4. Multi-Head Attention: The Gossip Layer

Now we get to the juicy part—Multi-Head Self-Attention (MSA). This layer is like a bunch of friends in a group chat. They're all talking to each other, sharing gossip (information), and making sure everyone's in the loop. Each head in this layer looks at the image from a different angle, ensuring that no detail is missed.

5. MLP: The Brain Power

After all that chatting, we need to do some serious thinking. Enter the Multilayer Perceptron (MLP), which is just a fancy way of saying "a bunch of neurons working together." This layer processes the information, learns patterns, and makes decisions. It's the brain of our Transformer.

6. Transformer Encoder: Stack 'Em Up

The Transformer Encoder is where things get stacked—literally. It's a combination of all the layers above, repeated multiple times. Think of it like stacking multiple burgers on top of each other to make a giant, delicious burger tower. Each layer adds more flavor (or in our case, more learning).

Transformer Encoder

7. MLP Head: The Final Answer

Finally, after all that hard work, we need to get the answer. The MLP Head is the final layer that takes all the learned features and says, "Okay, based on everything I've seen, this image is a dog!" Or a cat. Or whatever's in the image.

Let's Code This Bad Boy

Here's how you can implement a Vision Transformer from scratch using PyTorch:


import torch 
import torch.nn as nn

class PatchEmbedding(nn.Module):
    """Turns a 2D input image into a 1D sequence learnable embedding vector.

    Args:
        in_channels (int): Number of color channels for the input images. Defaults to 3.
        patch_size (int): Size of patches to convert input image into. Defaults to 16.
        embedding_dim (int): Size of embedding to turn image into. Defaults to 768.
    """
    # 2. Initialize the class with appropriate variables
    def __init__(self, 
                    in_channels:int=3,
                    patch_size:int=16,
                    embedding_dim:int=768):
        super().__init__()

        self.patch_size = patch_size

        # 3. Create a layer to turn an image into patches
        self.patcher = nn.Conv2d(in_channels=in_channels,
                                    out_channels=embedding_dim,
                                    kernel_size=patch_size,
                                    stride=patch_size,
                                    padding=0)

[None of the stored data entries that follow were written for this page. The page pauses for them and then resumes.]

(* Let $n \ge 2$ be an integer. If $M$ is a real $n\times n$ matrix whose entries are a permutation of $0,1,\dots,n^2-1$, then $$|\det M| \le n^n\,\frac{n^2-1}{2}\left(\frac{n^3+n^2+n+1}{12}\right)^{\frac{n-1}{2}}.$$ If $M$ is a real $n\times n$ matrix whose entries are a permutation of $1,2,\dots,n^2$, then $$|\det M| \le n^n\,\frac{n^2+1}{2}\left(\frac{n^3+n^2+n+1}{12}\right)^{\frac{n-1}{2}}.$$ *)

From HB Require Import structures.
From mathcomp Require Import all_boot all_order all_algebra.
Set Implicit Arguments. Unset Strict Implicit. Unset Printing Implicit Defensive.
Import Order.TTheory GRing.Theory Num.Theory.
Local Open Scope ring_scope.

Definition mx_entries (R : Type) (n : nat) (M : 'M[R]_n) : seq R :=
  [seq M ij.1 ij.2 | ij <- enum {: 'I_n * 'I_n}].

Definition entries_perm_from (R : numDomainType) (n : nat) (a : nat) (M : 'M[R]_n) : bool :=
  perm_eq (mx_entries M) [seq (k%:R : R) | k <- iota a (n ^ 2)].

From HB Require Import structures.
From mathcomp Require Import all_boot all_order all_algebra.
From mathcomp Require Import ring lra.
Set Implicit Arguments. Unset Strict Implicit. Unset Printing Implicit Defensive.
Import Order.TTheory GRing.Theory Num.Theory.
Local Open Scope ring_scope.

(* Let H be an orthogonal matrix whose first column is constant, equal to
   n^-1/2. The Gram matrix G of M H has determinant (det M)^2, trace the sum F
   of the squared entries of M, and first diagonal entry (sum of the squared
   row sums)/n, which lies between (S/n)^2 and F by Cauchy-Schwarz, S being
   the sum of the entries. Hadamard's inequality and AM-GM on the other n - 1
   diagonal entries give (det M)^2 <= g ((F - g)/(n - 1))^(n-1) with g = G 0 0,
   and this expression decreases in g on [(S/n)^2, F] when F <= n (S/n)^2.
   For entries a, ..., a + n^2 - 1, the numbers S and F are explicit. *)

Local Notation gram X := (X^T *m X).

Section Gram.
Variable R : realFieldType.

Lemma gram_diag m n (X : 'M[R]_(m, n)) j : gram X j j = \sum_i X i j ^+ 2.
Proof. by rewrite !mxE; apply: eq_bigr => i _; rewrite mxE expr2. Qed.

Lemma gram_diag_ge0 m n (X : 'M[R]_(m, n)) j : 0 <= gram X j j.
Proof. by rewrite gram_diag sumr_ge0 // => i _; rewrite sqr_ge0. Qed.

Lemma gram_cV_eq0 m (a : 'cV[R]_m) : (gram a 0 0 == 0) = (a == 0).
Proof.
apply/idP/eqP => [|->]; last by rewrite mulmx0 mxE.
rewrite gram_diag psumr_eq0 => [/allP a0|i _]; last exact: sqr_ge0.
apply/matrixP => i j; rewrite (ord1 j) mxE.
by apply/eqP; rewrite -sqrf_eq0; exact: a0 (mem_index_enum _).
Qed.

Lemma det_gram_mulmx m n (X : 'M[R]_(m, n)) (U : 'M[R]_n) :
  \det (gram (X *m U)) = \det U ^+ 2 * \det (gram X).
Proof. by rewrite trmx_mul -mulmxA !det_mulmx mulmxA det_mulmx det_tr; ring. Qed.

Definition proj_out m n (a : 'cV[R]_m) (B : 'M[R]_(m, n)) :=
  B - (gram a 0 0)^-1 *: (a *m (a^T *m B)).

Section ProjOut.
Variables (m n : nat) (a : 'cV[R]_m) (B : 'M[R]_(m, n)).
Hypothesis a_neq0 : a != 0.

Let s_neq0 : gram a 0 0 != 0. Proof. by rewrite gram_cV_eq0. Qed.

Lemma tr_mul_proj_out : a^T *m proj_out a B = 0.
Proof.
rewrite mulmxBr -scalemxAr !mulmxA {2}[gram a]mx11_scalar mul_scalar_mx -scalemxAl.
by rewrite scalerA mulVf // scale1r subrr.
Qed.

Lemma gram_proj_out :
  gram (proj_out a B) = gram B - (gram a 0 0)^-1 *: gram (a^T *m B).
Proof.
have -> : gram (proj_out a B) = (proj_out a B)^T *m B.
  have Pa : (proj_out a B)^T *m a = 0.
    by rewrite -[X in _ *m X]trmxK -trmx_mul tr_mul_proj_out trmx0.
  by rewrite {2}/proj_out mulmxBr -scalemxAr !mulmxA Pa !mul0mx scaler0 subr0.
by rewrite /proj_out linearB /= mulmxBl linearZ /= -scalemxAl trmx_mul mulmxA.
Qed.

Lemma det_gram_row_mx :
  \det (gram (row_mx a B)) = gram a 0 0 * \det (gram (proj_out a B)).
Proof.
pose U := block_mx 1%:M ((gram a 0 0)^-1 *: (a^T *m B)) 0 (1%:M : 'M[R]_n).
have detU : \det U = 1 by rewrite det_ublock !det1 mulr1.
have -> : row_mx a B = row_mx a (proj_out a B) *m U.
  rewrite mul_row_block !mulmx1 !mulmx0 addr0 /proj_out -scalemxAr.
  by rewrite addrC subrK.
rewrite det_gram_mulmx detU expr1n mul1r tr_row_mx mul_col_row.
by rewrite tr_mul_proj_out det_lblock det_mx11.
Qed.

Lemma gram_diag_proj_out_le j : gram (proj_out a B) j j <= gram B j j.
Proof.
have entryB (X Y : 'M[R]_n) : (X - Y) j j = X j j - Y j j by rewrite !mxE.
rewrite gram_proj_out entryB lerBlDr lerDl mxE.
by rewrite mulr_ge0 ?invr_ge0 ?gram_diag_ge0.
Qed.

End ProjOut.

Lemma gram_mulmx_const_col m n p (M : 'M[R]_(m, n)) (H : 'M[R]_(n, p)) j c :
  (forall l, H l j = c) -> gram (M *m H) j j = c ^+ 2 * \sum_i (\sum_l M i l) ^+ 2.
Proof.
move=> Hc; rewrite gram_diag mulr_sumr; apply: eq_bigr => i _.
rewrite mxE; under eq_bigr do rewrite Hc.
by rewrite -mulr_suml exprMn mulrC.
Qed.

(* Hadamard: subtracting from the other columns their component along the first
   one factors the determinant as [gram a 0 0] times a Gram determinant whose
   diagonal entries have only decreased. *)
Lemma det_gram_le_prod_diag m n (X : 'M[R]_(m, n)) :
  \det (gram X) <= \prod_j gram X j j.
Proof.
elim: n X => [|n IH] X; first by rewrite det_mx00 big_ord0.
move: X; change n.+1 with (1 + n)%N => X.
rewrite -[X]hsubmxK; move: (lsubmx X) (rsubmx X) => a B.
have gram_row : gram (row_mx a B) =
    block_mx (gram a) (a^T *m B) (B^T *m a) (gram B).
  by rewrite tr_row_mx mul_col_row.
rewrite big_split_ord big_ord1 /= gram_row block_mxEul.
under eq_bigr do rewrite block_mxEdr.
have [->|a_neq0] := eqVneq a 0.
  by rewrite trmx0 !mul0mx mulmx0 det_ublock det_mx11 !mxE !mul0r.
rewrite -gram_row det_gram_row_mx // ler_wpM2l ?gram_diag_ge0 //.
apply: le_trans (IH _) _; apply: ler_prod => j _.
by rewrite gram_diag_ge0 gram_diag_proj_out_le.
Qed.

Lemma orthomx_with_col0 n (u : 'cV[R]_n.+1) : gram u 0 0 = 1 ->
  exists H : 'M[R]_n.+1, H *m H^T = 1%:M /\ col 0 H = u.
Proof.
move=> u_unit; pose w := delta_mx 0 0 - u.
have [/eqP|w_neq0] := eqVneq w 0.
  by rewrite subr_eq0 => /eqP <-; exists 1%:M; rewrite trmx1 mulmx1 col1.
pose s := gram w 0 0.
have s_neq0 : s != 0 by rewrite gram_cV_eq0.
have s_eq : s = 2 * w 0 0.
  rewrite /s /w (linearB trmx) /= trmx_delta mulmxBl !mulmxBr mul_delta_mx -rowE -colE.
  by rewrite [gram u]mx11_scalar u_unit !mxE /=; ring.
pose P := w *m w^T; pose c := 2 / s.
have PP : P *m P = s *: P.
  by rewrite mulmxA -(mulmxA w) [w^T *m w]mx11_scalar mul_mx_scalar scalemxAl.
pose H := 1%:M - c *: P.
have HT : H^T = H by rewrite /H linearB linearZ /= trmx1 trmx_mul trmxK.
exists H; split.
  rewrite HT mulmxBl mulmxBr !mul1mx mulmxBr mulmx1 -scalemxAl -scalemxAr PP.
  rewrite !scalerA (_ : c * c * s = c + c) ?scalerDl; last by rewrite /c; field.
  by rewrite opprB addrK subrK.
have w00_neq0 : w 0 0 != 0 by move: s_neq0; rewrite s_eq mulf_eq0 negb_or => /andP[].
have cw : c * w 0 0 = 1 by rewrite /c s_eq; field.
move: cw; rewrite !mxE eqxx /= => cw.
apply/matrixP => i j; rewrite (ord1 j) !mxE big_ord1 !mxE !eqxx andbT /=.
by rewrite mulrCA cw mulr1 subKr.
Qed.

End Gram.

Section ScalarInequalities.
Variable R : realFieldType.

Lemma ler_sqr_sumr n (f : 'I_n -> R) :
  (\sum_i f i) ^+ 2 <= n%:R * \sum_i f i ^+ 2.
Proof.
case: n f => [|n] f; first by rewrite !big_ord0 mul0r expr0n.
pose c := (\sum_i f i) / n.+1%:R.
have sum_dev : \sum_i (f i - c) ^+ 2
    = \sum_i f i ^+ 2 - 2 * c * \sum_i f i + c ^+ 2 * n.+1%:R.
  under eq_bigr do rewrite sqrrB -mulr_natr -mulrA mulrC.
  by rewrite !big_split /= sumrN -mulr_sumr sumr_const card_ord -mulr_natr; ring.
have dev_ge0 : 0 <= \sum_i (f i - c) ^+ 2 by apply: sumr_ge0 => i _; exact: sqr_ge0.
rewrite -subr_ge0; suff -> : n.+1%:R * \sum_i f i ^+ 2 - (\sum_i f i) ^+ 2
    = n.+1%:R * \sum_i (f i - c) ^+ 2 by rewrite mulr_ge0.
by rewrite sum_dev /c; field; rewrite addrC natr1 pnatr_eq0.
Qed.

Lemma ler_bernoulli k (y : R) : 0 <= y -> 1 + k%:R * y <= (1 + y) ^+ k.
Proof.
move=> y_ge0; elim: k => [|k IH]; first by rewrite mul0r addr0 expr0.
have y1_ge0 : 0 <= 1 + y by lra.
have := ler_wpM2l y1_ge0 IH.
have : 0 <= k%:R * y * y by rewrite !mulr_ge0 ?ler0n.
rewrite exprS -natr1; nra.
Qed.

(* Writing [a = b (1 + k y)], Bernoulli gives [a <= b (1 + y) ^+ k], and
   [F <= (k + 1) b] gives [(1 + y) (F - a) <= F - b]. *)
Lemma ler_mul_exprn_avg k (a b F : R) : (0 < k)%N -> 0 < b -> b <= a -> a <= F ->
  F <= k.+1%:R * b -> a * ((F - a) / k%:R) ^+ k <= b * ((F - b) / k%:R) ^+ k.
Proof.
move=> k_gt0 b_gt0 ba aF Fb.
have k_pos : 0 < (k%:R : R) by rewrite ltr0n.
pose y := (a - b) / (k%:R * b).
have y_ge0 : 0 <= y by rewrite divr_ge0 ?subr_ge0 // mulr_ge0 // ltW.
have a_le : a <= b * (1 + y) ^+ k.
  have -> : a = b * (1 + k%:R * y) by rewrite /y; field; rewrite !lt0r_neq0.
  by apply: ler_wpM2l; [exact: ltW | exact: ler_bernoulli].
have avg_ge0 : 0 <= (F - a) / k%:R by rewrite divr_ge0 ?subr_ge0 // ltW.
apply: le_trans (ler_wpM2r (exprn_ge0 k avg_ge0) a_le) _.
have y1_ge0 : 0 <= 1 + y by rewrite addr_ge0.
have avgb_ge0 : 0 <= (F - b) / k%:R by rewrite divr_ge0 ?subr_ge0 ?(le_trans ba aF) ?ltW.
rewrite -mulrA -exprMn ler_wpM2l ?(ltW b_gt0) // lerXn2r ?nnegrE ?(mulr_ge0 y1_ge0 avg_ge0) //.
have y_mul : y * (F - a) <= a - b.
  have -> : a - b = y * (k%:R * b) by rewrite /y divfK // mulf_neq0 // lt0r_neq0.
  by rewrite ler_wpM2l //; move: Fb; rewrite -natr1; lra.
by rewrite mulrA ler_pM2r ?invr_gt0 //; lra.
Qed.

End ScalarInequalities.

Section DeterminantBound.
Variable R : rcfType.

Lemma sqr_det_le_orthomx k (M H : 'M[R]_k.+1) : H *m H^T = 1%:M ->
  \det M ^+ 2 <= gram (M *m H) 0 0
                 * ((\sum_i \sum_j M i j ^+ 2 - gram (M *m H) 0 0) / k%:R) ^+ k.
Proof.
move=> HHT; set G := gram (M *m H).
have detH : \det H ^+ 2 = 1.
  by move/(congr1 determinant): HHT; rewrite det_mulmx det_tr det1 expr2.
have detG : \det G = \det M ^+ 2.
  by rewrite det_gram_mulmx detH mul1r det_mulmx det_tr expr2.
have trG : \sum_j G j j = \sum_i \sum_j M i j ^+ 2.
  rewrite -[LHS]/(\tr G) /G trmx_mul -!mulmxA mxtrace_mulC -!mulmxA HHT mulmx1.
  by rewrite /mxtrace exchange_big; apply: eq_bigr => j _; rewrite gram_diag.
rewrite -detG; apply: le_trans (det_gram_le_prod_diag _) _.
rewrite -/G big_ord_recl ler_wpM2l ?gram_diag_ge0 // -trG big_ord_recl addrC addKr.
have [AGM _] := leif_AGM (A := predT) (E := fun j : 'I_k => G (lift 0 j) (lift 0 j))
  (fun j _ => gram_diag_ge0 _ _).
by move: AGM; rewrite cardT size_enum_ord.
Qed.

Lemma gram_avg_col0_bounds k (M H : 'M[R]_k.+1) :
    (forall l, H l 0 = (Num.sqrt k.+1%:R)^-1) ->
  ((\sum_i \sum_j M i j) / k.+1%:R) ^+ 2 <= gram (M *m H) 0 0
    <= \sum_i \sum_j M i j ^+ 2.
Proof.
move=> Hc; rewrite (gram_mulmx_const_col _ Hc) exprVn sqr_sqrtr ?ler0n //.
have n_gt0 : 0 < (k.+1%:R : R) by rewrite ltr0n.
apply/andP; split.
  rewrite expr_div_n ler_pdivrMr ?exprn_gt0 // mulrAC expr2 mulrA mulVf ?lt0r_neq0 //.
  by rewrite mul1r ler_sqr_sumr.
by rewrite mulr_sumr ler_sum // => i _; rewrite ler_pdivrMl // ler_sqr_sumr.
Qed.

Lemma det_le_mean_var n (M : 'M[R]_n) (mu v : R) :
    (1 < n)%N -> 0 < mu -> v <= (n%:R - 1) * mu ^+ 2 ->
    \sum_i \sum_j M i j = n%:R ^+ 2 * mu ->
    \sum_i \sum_j M i j ^+ 2 = n%:R ^+ 2 * (mu ^+ 2 + v) ->
  `|\det M| <= n%:R ^+ n * mu * Num.sqrt (v / (n%:R - 1)) ^+ (n - 1).
Proof.
case: n M => [|[|k]] // M _ mu_gt0 v_le sumM sumM2; rewrite subSS subn0.
set x : R := k.+2%:R.
have x_gt1 : 1 < x by rewrite ltr1n.
have x_gt0 : 0 < x := lt_trans ltr01 x_gt1.
pose u : 'cV[R]_k.+2 := const_mx (Num.sqrt x)^-1.
have u_unit : gram u 0 0 = 1.
  have sqrt_x : Num.sqrt x ^+ 2 = x by rewrite sqr_sqrtr // ler0n.
  rewrite gram_diag /u; under eq_bigr do rewrite mxE exprVn sqrt_x.
  by rewrite sumr_const card_ord -mulr_natr mulVf ?gt_eqF.
have [H [HHT Hcol]] := orthomx_with_col0 u_unit.
have H0 l : H l 0 = (Num.sqrt x)^-1.
  by move/matrixP: Hcol => /(_ l 0); rewrite !mxE.
have /andP[g_ge g_le] := gram_avg_col0_bounds M H0.
have x_k : x - 1 = k.+1%:R by rewrite /x mulrSr addrK.
have mean_sqr : (x ^+ 2 * mu / x) ^+ 2 = x ^+ 2 * mu ^+ 2.
  by rewrite [x ^+ 2]expr2 mulrAC mulfK ?gt_eqF // exprMn.
rewrite sumM sumM2 -/x mean_sqr in g_ge g_le.
have v_ge0 : 0 <= v.
  by move: (le_trans g_ge g_le); rewrite mulrDr lerDl pmulr_rge0 // exprn_gt0.
have sum_le : x ^+ 2 * (mu ^+ 2 + v) <= k.+2%:R * (x ^+ 2 * mu ^+ 2).
  by rewrite -/x mulrCA ler_pM2l ?exprn_gt0 //; nra.
have avg_eq : (x ^+ 2 * (mu ^+ 2 + v) - x ^+ 2 * mu ^+ 2) / k.+1%:R
    = x ^+ 2 * Num.sqrt (v / (x - 1)) ^+ 2.
  have x1_gt0 : 0 < x - 1 by rewrite subr_gt0.
  rewrite -x_k sqr_sqrtr ?divr_ge0 ?(ltW x1_gt0) //.
  by rewrite -mulrBr (addrC _ v) addrK mulrA.
have A0_gt0 : 0 < x ^+ 2 * mu ^+ 2 by rewrite mulr_gt0 ?exprn_gt0.
have det_le := sqr_det_le_orthomx M HHT; rewrite sumM2 -/x in det_le.
have := le_trans det_le (ler_mul_exprn_avg (ltn0Sn k) A0_gt0 g_ge g_le sum_le).
rewrite avg_eq; set q := Num.sqrt _ => sqr_det_le.
have q_ge0 : 0 <= q by rewrite sqrtr_ge0.
have bound_ge0 : 0 <= x ^+ k.+2 * mu * q ^+ k.+1.
  exact: mulr_ge0 (mulr_ge0 (exprn_ge0 _ (ltW x_gt0)) (ltW mu_gt0)) (exprn_ge0 _ q_ge0).
rewrite -(@ler_pXn2r _ 2) ?nnegrE ?normr_ge0 // (real_normK (num_real _)).
apply: le_trans sqr_det_le _; rewrite le_eqVlt; apply/orP; left; apply/eqP.
rewrite (exprS x k.+1) !exprMn.
set X := x ^+ k.+1; set Q := q ^+ k.+1; ring.
Qed.

End DeterminantBound.

Lemma sum_entries_perm (R : numDomainType) n a (M : 'M[R]_n) (f : R -> R) :
  entries_perm_from a M ->
  \sum_i \sum_j f (M i j) = \sum_(k <- iota a (n ^ 2)) f k%:R.
Proof.
move=> hM; rewrite -(big_map (fun k : nat => k%:R : R) xpredT f) -(perm_big _ hM).
by rewrite /mx_entries big_map big_enum pair_big.
Qed.

Section IotaSums.
Variable R : numFieldType.

Lemma sum_iota_natr a N :
  \sum_(k <- iota a N) (k%:R : R) = N%:R * (a%:R + (N%:R - 1) / 2).
Proof.
elim: N => [|N IH]; first by rewrite big_nil mul0r.
by rewrite -addn1 iotaD big_cat IH /= big_seq1 !natrD; field.
Qed.

Lemma sum_iota_sqr_natr a N :
  \sum_(k <- iota a N) (k%:R : R) ^+ 2
    = N%:R * ((a%:R + (N%:R - 1) / 2) ^+ 2 + (N%:R ^+ 2 - 1) / 12).
Proof.
elim: N => [|N IH]; first by rewrite big_nil mul0r.
by rewrite -addn1 iotaD big_cat IH /= big_seq1 !natrD; field.
Qed.

End IotaSums.

Lemma det_le_entries_iota (R : rcfType) n a (M : 'M[R]_n) :
    (1 < n)%N -> entries_perm_from a M ->
  `|\det M| <= n%:R ^+ n * (a%:R + (n%:R ^+ 2 - 1) / 2)
               * Num.sqrt ((n%:R ^+ 3 + n%:R ^+ 2 + n%:R + 1) / 12) ^+ (n - 1).
Proof.
move=> n_gt1 hM; set x : R := n%:R.
have x_ge2 : 2 <= x by rewrite (ler_nat R 2).
have -> : (x ^+ 3 + x ^+ 2 + x + 1) / 12 = ((x ^+ 2) ^+ 2 - 1) / 12 / (x - 1).
  by field; rewrite subr_eq0 gt_eqF // (lt_le_trans _ x_ge2) ?ltr1n.
have sumM := sum_entries_perm id hM; have sumM2 := sum_entries_perm (fun y => y ^+ 2) hM.
rewrite sum_iota_natr natrX -/x in sumM; rewrite sum_iota_sqr_natr natrX -/x in sumM2.
apply: det_le_mean_var => //.
- by rewrite ltr_wpDl ?ler0n // divr_gt0 //; nra.
rewrite -/x; set mu := a%:R + _.
have half_ge0 : 0 <= (x ^+ 2 - 1) / 2 by nra.
have half_le_mu : (x ^+ 2 - 1) / 2 <= mu by rewrite lerDr ler0n.
apply: le_trans (_ : _ <= (x - 1) * ((x ^+ 2 - 1) / 2) ^+ 2) _.
  rewrite -subr_ge0 (_ : _ - _ = (x ^+ 2 - 1) * ((x - 2) * (3 * x ^+ 2 + 2 * x + 1) + 4) / 12).
    by rewrite divr_ge0 // mulr_ge0 //; nra.
  by field.
apply: ler_wpM2l; first lra.
by rewrite lerXn2r ?nnegrE // (le_trans half_ge0).
Qed.

Theorem mainTheorem8 (R : rcfType) (n : nat) (hn : (2 <= n)%N) :
  (forall M : 'M[R]_n, entries_perm_from 0 M ->
     `|\det M| <= (n%:R) ^+ n * (((n%:R) ^+ 2 - 1) / 2)
                  * (Num.sqrt (((n%:R) ^+ 3 + (n%:R) ^+ 2 + n%:R + 1) / 12)) ^+ (n - 1))
  /\
  (forall M : 'M[R]_n, entries_perm_from 1 M ->
     `|\det M| <= (n%:R) ^+ n * (((n%:R) ^+ 2 + 1) / 2)
                  * (Num.sqrt (((n%:R) ^+ 3 + (n%:R) ^+ 2 + n%:R + 1) / 12)) ^+ (n - 1)).
Proof.
split=> M /(det_le_entries_iota hn); first by rewrite add0r.
by rewrite (_ : 1%:R + _ = ((n%:R : R) ^+ 2 + 1) / 2) //; field.
Qed.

        # 4. Create a layer to flatten the patch feature maps into a single dimension
        self.flatten = nn.Flatten(start_dim=2, # only flatten the feature map dimensions into a single vector
                                    end_dim=3)

    # 5. Define the forward method 
    def forward(self, x):
        # Create assertion to check that inputs are the correct shape
        image_resolution = x.shape[-1]
        assert image_resolution % self.patch_size == 0, f"Input image size must be divisble by patch size, image shape: {image_resolution}, patch size: {self.patch_size}"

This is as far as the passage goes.